# Black Hole - Our Galactic Central Vacuum System



## Em in Ohio (May 13, 2022)

First ever picture of our own black hole - When theory becomes fact:


"The Milky Way black hole -- called Sagittarius A*, near the border of Sagittarius and Scorpius constellations -- is much closer, about 27,000 light-years away from Earth. A light-year is 5.9 trillion miles (9.5 trillion kilometers), or the distance that light travels in one Earth year.

Astronomers believe nearly all galaxies have these supermassive black holes at their center, although humans cannot see them because they are completely dark. These vacuous objects swallow light that gets chaotically twisted around by gravity as it gets sucked into the abyss.

But dark, glowing gas around it reveals "a telltale signature: a dark central region called a 'shadow' surrounded by a bright ring-like structure," scientists said."

The new view captures light bent by the powerful gravity of the black hole."

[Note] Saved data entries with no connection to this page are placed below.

(* Let $G$ and $H$ be finite simple graphs without isolated vertices. Then: (i) there are no such graphs $G,H$ with $\gamma_{tR}(G\times H)\in\{1,2,3,5\}$; (ii) $\gamma_{tR}(G\times H)=4$ if and only if $G$ and $H$ are both isomorphic to $K_2$; (iii) $\gamma_{tR}(G\times H)=6$ if and only if ($G$ and $H$ each have at least two universal vertices and at least one of them has order at least three), or (one factor is $K_2$ and the other has order at least three and contains a universal vertex), or ($G$ and $H$ are both triangle centered); (iv) $\gamma_{tR}(G\times H)=7$ if and only if both $G$ and $H$ have a universal vertex, one of $G$ and $H$ has exactly one universal vertex and the other one is different from $K_2$, and at most one of $G$ and $H$ is triangle centered; (v) if at most one of $G$ and $H$ has a universal vertex, $\gamma_t(G)=\gamma_t(H)=2$, and $G$ and $H$ are not both triangle centered, then $\gamma_{tR}(G\times H)=8$.
   Context: A total Roman dominating function on $G$ is a map $f:V(G)\to\{0,1,2\}$ such that every vertex with label 0 has a neighbor with label 2 and the subgraph induced by vertices with positive labels has no isolated vertices; $\gamma_{tR}(G)$ is the minimum of $\sum_v f(v)$ over such $f$. $\gamma_t(G)$ is the minimum size of a set $D$ such that every vertex of $G$ has a neighbor in $D$. A universal vertex of $G$ is a vertex adjacent to all other vertices. $G$ is triangle centered if it contains a triangle $xyz$ such that every vertex of $G$ is adjacent to at least two vertices of $\{x,y,z\}$. The direct product $G\times H$ has vertex set $V(G)\times V(H)$, with $(g,h)(g',h')$ an edge iff $gg'\in E(G)$ and $hh'\in E(H)$. *)

From mathcomp Require Import all_boot all_order.
Set Implicit Arguments. Unset Strict Implicit. Unset Printing Implicit Defensive.

Section Graphs.
Variable T : finType.
Variable e : rel T.

Definition simple_graph : Prop := irreflexive e /\ symmetric e.

Definition no_isolated : Prop := forall x : T, exists y : T, e x y.

Definition trdf (f : {ffun T -> 'I_3}) : bool :=
  [forall v, (val (f v) == 0) ==> [exists u, e v u && (val (f u) == 2)]] &&
  [forall v, (0 < val (f v)) ==> [exists u, e v u && (0 < val (f u))]].
(* For every integer $\chi\geq 3$, $\vec{R}(\chi)\geq \vec{R}(\chi-1)+2$.
   Context: $TT_\ell$ denotes the transitive (acyclic) tournament on $\ell$ vertices, and $\vec{R}(\ell)$ is the least integer $N$ such that every tournament on at least $N$ vertices contains a copy of $TT_\ell$. *)

From mathcomp Require Import all_boot.
Set Implicit Arguments. Unset Strict Implicit. Unset Printing Implicit Defensive.

Definition is_tournament (T : finType) (beats : rel T) : Prop :=
  (forall x, ~~ beats x x) /\
  (forall x y, x != y -> (beats x y) (+) (beats y x)).

Definition contains_TT (T : finType) (beats : rel T) (l : nat) : Prop :=
  exists f : 'I_l -> T, injective f /\ (forall i j : 'I_l, i < j -> beats (f i) (f j)).

Definition forces_TT (l N : nat) : Prop :=
  forall (T : finType) (beats : rel T),
    is_tournament beats -> N <= #|T| -> contains_TT beats l.

Definition is_dir_ramsey (l N : nat) : Prop :=
  forces_TT l N /\ (forall M, forces_TT l M -> N <= M).

(* Take a tournament T on R(chi-1) - 1 vertices without a transitive
   subtournament on chi - 1 vertices, and add two vertices x and y such that
   x beats every old vertex, every old vertex beats y, and y beats x.
   A transitive subtournament has no directed triangle, so it cannot contain
   both x and y together with a vertex of T; dropping the at most one new
   vertex it contains leaves a transitive subtournament of T.  The extended
   tournament thus has R(chi-1) + 1 vertices and no copy of TT_chi. *)
From mathcomp Require Import all_boot.

Set Implicit Arguments. Unset Strict Implicit. Unset Printing Implicit Defensive.

Lemma exists_neq2 (T : finType) (x y : T) :
  2 < #|T| -> exists z, (z != x) && (z != y).
Proof.
move=> card_gt2; have : 0 < #|~: [set x; y]|.
  rewrite -(ltn_add2l #|[set x; y]|) addn0 cardsC cards2.
  by apply: leq_ltn_trans card_gt2; rewrite ltnS leq_b1.
by case/card_gt0P=> z; rewrite !inE negb_or; exists z.
Qed.

Lemma ltn_lift n (h : 'I_n) (i j : 'I_n.-1) : (lift h i < lift h j) = (i < j).
Proof. by rewrite !ltnNge /= leq_bump2. Qed.

Section TransitiveCopies.

Variables (T : finType) (beats : rel T).
Hypothesis beats_tournament : is_tournament beats.
Variables (l : nat) (f : 'I_l -> T).
Hypothesis f_ordered : forall i j : 'I_l, i < j -> beats (f i) (f j).

Lemma TT_beatsE i j : beats (f i) (f j) = (i < j).
Proof.
have [beats_irr beats_xor] := beats_tournament.
case: (ltngtP i j) => [/f_ordered -> // | ji | /val_inj ->]; last exact: negbTE.
have fji := f_ordered ji; have /beats_xor : f j != f i.
  by apply: contraTneq fji => ->; apply: beats_irr.
by rewrite fji => /negbTE.
Qed.

Lemma TT_no_triangle i j k :
  beats (f i) (f j) -> beats (f j) (f k) -> beats (f k) (f i) -> False.
Proof. by rewrite !TT_beatsE => ij jk; rewrite ltnNge (ltnW (ltn_trans ij jk)). Qed.

End TransitiveCopies.

Lemma contains_TT_preimage (T U : finType) (beats : rel T) (beatsU : rel U)
    (h : T -> U) l (g : 'I_l -> U) :
    (forall a c, beatsU (h a) (h c) -> beats a c) ->
    injective g -> (forall i j : 'I_l, i < j -> beatsU (g i) (g j)) ->
    (forall i : 'I_l, exists a, h a == g i) ->
  contains_TT beats l.
Proof.
move=> h_beats g_inj g_ordered g_in_h.
have hfE i : h (xchoose (g_in_h i)) = g i by apply/eqP/(xchooseP (g_in_h i)).
exists (fun i => xchoose (g_in_h i)); split.
  by move=> i j /(congr1 h); rewrite !hfE => /g_inj.
by move=> i j ij; apply: h_beats; rewrite !hfE; apply: g_ordered.
Qed.

Section TwoVertexExtension.

Variables (T : finType) (beats : rel T).

(* [None] is the new vertex x and [Some None] the new vertex y; the old
   vertices are the [Some (Some a)]. *)
Definition ext_beats : rel (option (option T)) :=
  fun u v => match u, v with
  | None, Some (Some _) => true
  | Some None, None => true
  | Some (Some _), Some None => true
  | Some (Some a), Some (Some c) => beats a c
  | _, _ => false
  end.

Definition old_vertex (u : option (option T)) : bool :=
  if u is Some (Some _) then true else false.

Lemma ext_tournament : is_tournament beats -> is_tournament ext_beats.
Proof.
move=> [beats_irr beats_xor]; split; first by case=> [[a|]|] //=; apply: beats_irr.
case=> [[a|]|] [[c|]|] //= neq_ac; apply: beats_xor.
by apply: contraNneq neq_ac => ->.
Qed.

Lemma ext_new_triangle u v w :
    ~~ old_vertex u -> ~~ old_vertex v -> u != v -> old_vertex w ->
  [&& ext_beats u w, ext_beats w v & ext_beats v u] ||
  [&& ext_beats v w, ext_beats w u & ext_beats u v].
Proof. by case: u v w => [[?|]|] [[?|]|] [[?|]|]. Qed.

Lemma ext_new_vertex2 u v w :
    ~~ old_vertex u -> ~~ old_vertex v -> ~~ old_vertex w -> u != v ->
  (w == u) || (w == v).
Proof. by case: u v w => [[?|]|] [[?|]|] [[?|]|]. Qed.

Hypothesis beats_tournament : is_tournament beats.

Lemma ext_TT_new_vertex_uniq l (f : 'I_l.+3 -> option (option T)) :
    injective f -> (forall i j : 'I_l.+3, i < j -> ext_beats (f i) (f j)) ->
  forall i j, ~~ old_vertex (f i) -> ~~ old_vertex (f j) -> i = j.
Proof.
move=> f_inj f_ordered i j new_i new_j; apply/eqP/negP => /negP neq_ij.
have [k /andP[neq_ki neq_kj]] : exists k, (k != i) && (k != j).
  by apply: exists_neq2; rewrite card_ord.
have neq_f : f i != f j by apply: contra neq_ij => /eqP/f_inj ->.
have old_k : old_vertex (f k).
  apply: contraT => new_k; have := ext_new_vertex2 new_i new_j new_k neq_f.
  by case/orP=> /eqP/f_inj eq_k; [move: neq_ki | move: neq_kj]; rewrite eq_k eqxx.
have no_triangle := TT_no_triangle (ext_tournament beats_tournament) f_ordered.
by case/orP: (ext_new_triangle new_i new_j neq_f old_k) => /and3P[]; apply: no_triangle.
Qed.

Lemma ext_contains_TT l : contains_TT ext_beats l.+3 -> contains_TT beats l.+2.
Proof.
move=> [f [f_inj f_ordered]].
have [i0 old_lift] : exists i0, forall j, old_vertex (f (lift i0 j)).
  have [i0 new_i0 | all_old] := pickP (fun i => ~~ old_vertex (f i)).
    exists i0 => j; apply: contraT => new_j.
    by have := neq_lift i0 j; rewrite -(ext_TT_new_vertex_uniq f_inj f_ordered new_i0 new_j) eqxx.
  by exists ord0 => j; apply: negbFE; apply: all_old.
apply: (@contains_TT_preimage _ _ _ ext_beats (fun a => Some (Some a)) _ (f \o lift i0)).
- by [].
- exact: inj_comp f_inj (@lift_inj _ i0).
- by move=> i j ij; apply: f_ordered; rewrite ltn_lift.
- by move=> i; move: (old_lift i) => /=; case: (f _) => [[a|]|] //; exists a.
Qed.

End TwoVertexExtension.

Lemma forces_TT_ext l N : forces_TT l.+3 N.+2 -> forces_TT l.+2 N.
Proof.
move=> forces T beats tour card_T; apply: (ext_contains_TT tour).
apply: forces (ext_tournament tour) _.
by rewrite !card_option !ltnS.
Qed.

Lemma forces_TT_leq l N M : N <= M -> forces_TT l N -> forces_TT l M.
Proof.
by move=> le_NM forces T beats tour card_T; apply: forces tour (leq_trans le_NM card_T).
Qed.

Lemma forces_TT_gt0 l N : forces_TT l.+1 N -> 0 < N.
Proof.
case: N => // /(_ void (fun _ _ => false)) forces.
have [|//|f _] := forces; first by split; case.
by case: (f ord0).
Qed.

Theorem proposition5p3 (chi : nat) (Hchi : 3 <= chi) (R1 R2 : nat) :
  is_dir_ramsey chi.-1 R1 -> is_dir_ramsey chi R2 -> R1 + 2 <= R2.
Proof.
case: chi Hchi => [|[|[|l]]] // _ [forces1 least1] [forces2 _].
have R1_gt0 := forces_TT_gt0 forces1.
rewrite leqNgt addn2; apply/negP => R2_small.
have forces_R1S : forces_TT l.+3 R1.-1.+2 by apply: forces_TT_leq forces2; rewrite prednK.
have := least1 _ (forces_TT_ext forces_R1S).
by rewrite -ltnS prednK // ltnn.
Qed.
Let rho_bounds : L <= 2 * rho /\ rho <= (u + K) * L.
Proof.
have u2 := u_ge2; have K0 := K_ge0; have LK := L_ge.
have L0 : 0 < L by lra.
have /andP[lnL0 lnL1] : 0 <= ln L <= L / 2 by rewrite ln_ge0 ?ln_le_half //; lra.
have W_lo : 2 * (L / 2) <= u * (L - ln L) by apply: ler_pM => //; lra.
have W_hi : u * (L - ln L) <= u * L by apply: ler_wpM2l; lra.
have KL : K <= K * L by rewrite ler_peMr //; lra.
by move: rho_near_W; rewrite ler_norml; lra.
Qed.

Let m_bounds : m%:R <= rho < m%:R + 1.
Proof. by rewrite natr1 truncn_itv //; have := rho_ge1; lra. Qed.

Let s_bounds : 0 <= a%:R - rho <= K.
Proof.
have : t%:R <= a%:R :> R by rewrite ler_nat.
by have := rho_lt_t; have := a_near_rho; lra.
Qed.

Let m_le_a : (m <= a)%N.
Proof. by rewrite -(ler_nat R); have := m_bounds; have := s_bounds; lra. Qed.

Let ln_rho_near : -1 <= ln rho - ln L <= u + K.
Proof.
have [Lrho rhoL] := rho_bounds; have K0 := K_ge0; have LK := L_ge.
have L0 : 0 < L by lra.
have rho0 : 0 < rho by have := rho_ge1; lra.
have := ln_sub_le rho0 L0; have := ln_sub_le L0 rho0.
have : rho / L <= u + K by rewrite ler_pdivrMr.
have : L / rho <= 2 by rewrite ler_pdivrMr // mulrC.
set x := rho / L; set y := L / rho; lra.
Qed.

Let ln_dratio_near : `|ln (dratio R m) - 2 * L + ln L| <= u + 2 * K + 1.
Proof.
have [Lrho rhoL] := rho_bounds; have /andP[m1 m2] := m_bounds.
have K0 := K_ge0; have LK := L_ge; have u2 := u_ge2.
have L0 : 0 < L by lra.
have l2 := @ln2_gt0 R; have l21 := @ln2_le1 R.
have mW : `|(m%:R - u * (L - ln L)) * ln 2| <= 1 + K.
  rewrite normrM (gtr0_norm l2); apply: le_trans (ler_piMr (normr_ge0 _) l21) _.
  by move: rho_near_W; rewrite !ler_norml; lra.
have lnm_hi : ln m.+1%:R - ln L <= u + K.
  apply: le_trans (ln_sub_le (ltr0Sn R m) L0) _.
  have : m.+1%:R / L <= u + K + 1 by rewrite ler_pdivrMr // -natr1; lra.
  lra.
have lnm_lo : ln L - ln m.+1%:R <= 1.
  apply: le_trans (ln_sub_le L0 (ltr0Sn R m)) _.
  have : L / m.+1%:R <= 2 by rewrite ler_pdivrMr ?ltr0Sn // -natr1; lra.
  set x := L / _; lra.
have -> : ln (dratio R m) - 2 * L + ln L
          = (m%:R - u * (L - ln L)) * ln 2 + (ln m.+1%:R - ln L).
  by rewrite ln_dratio; field; rewrite lt0r_neq0.
move: mW; rewrite !ler_norml; set v := (_ * ln 2); lra.
Qed.

Let ln_dcoef_near :
  0 <= ln (dcoef R a) - ln (dcoef R m) - (a%:R - m%:R) * ln (dratio R m)
    <= (K + 1) * (2 * K + 1).
Proof.
have /andP[m1 m2] := m_bounds; have /andP[s0 s1] := s_bounds; have K0 := K_ge0.
have am : a%:R - m%:R <= K + 1 by lra.
have -> : (a%:R - m%:R) * ln (dratio R m) = \sum_(m <= l < a) ln (dratio R m).
  by rewrite sumr_const_nat -[ln (dratio R m) *+ (a - m)]mulr_natl natrB.
rewrite ln_dcoef_sub // -sumrB; apply/andP; split.
  by rewrite big_nat; apply: sumr_ge0 => l /andP[ml _]; case/andP: (ln_dratio_sub_bounds R ml).
apply: (@le_trans _ _ (\sum_(m <= l < a) (2 * K + 1))).
  apply: ler_sum_nat => l /andP[ml la]; have /andP[_ h] := ln_dratio_sub_bounds R ml.
  apply: le_trans h _.
  have la' : l%:R + 1 <= a%:R :> R by rewrite natr1 ler_nat.
  have : l.+1%:R / m.+1%:R <= 1 + K.
    rewrite ler_pdivrMr ?ltr0Sn // -!natr1 mulrDl mul1r.
    have : K <= K * (m%:R + 1) by rewrite ler_peMr //; have := ler0n R m; lra.
    lra.
  have : l%:R - m%:R <= K + 1 by lra.
  set x := _ / _; lra.
rewrite sumr_const_nat -[(2 * K + 1) *+ (a - m)]mulr_natl natrB //.
by apply: ler_wpM2r => //; lra.
Qed.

https://www.accuweather.com/en/spac...ver-image-of-the-unseeable-black-hole/1186591


----------



## JustDave (May 13, 2022)

Theoretical Physics amazes me.  It predicted black holes before anyone ever saw one, and few people ever even heard of them.  And then one day, there's a picture of one.  Of course there's still a lot to learn about black holes, but much of that will come.  I love science.


----------



## Paco Dennis (May 13, 2022)

Time travel through black holes

Website with that explains this possibility with a short presentation

https://prezi.com/1lsnwne1hgbq/time-travel/


----------



## Pepper (May 13, 2022)

Such a mysterious world we live in.  The photo is spectacular!


----------



## Em in Ohio (May 13, 2022)

Paco Dennis said:


> Time travel through black holes
> 
> Website with that explains this possibility with a short presentation
> 
> https://prezi.com/1lsnwne1hgbq/time-travel/


For some reason, this wouldn't load for me.  But, since this has been a recurrent theme of sci-fi and we know how sci-fi often leads to science facts, I understand the concept (well, given that I'm not a rocket scientist, I at least get the gist of it!)


----------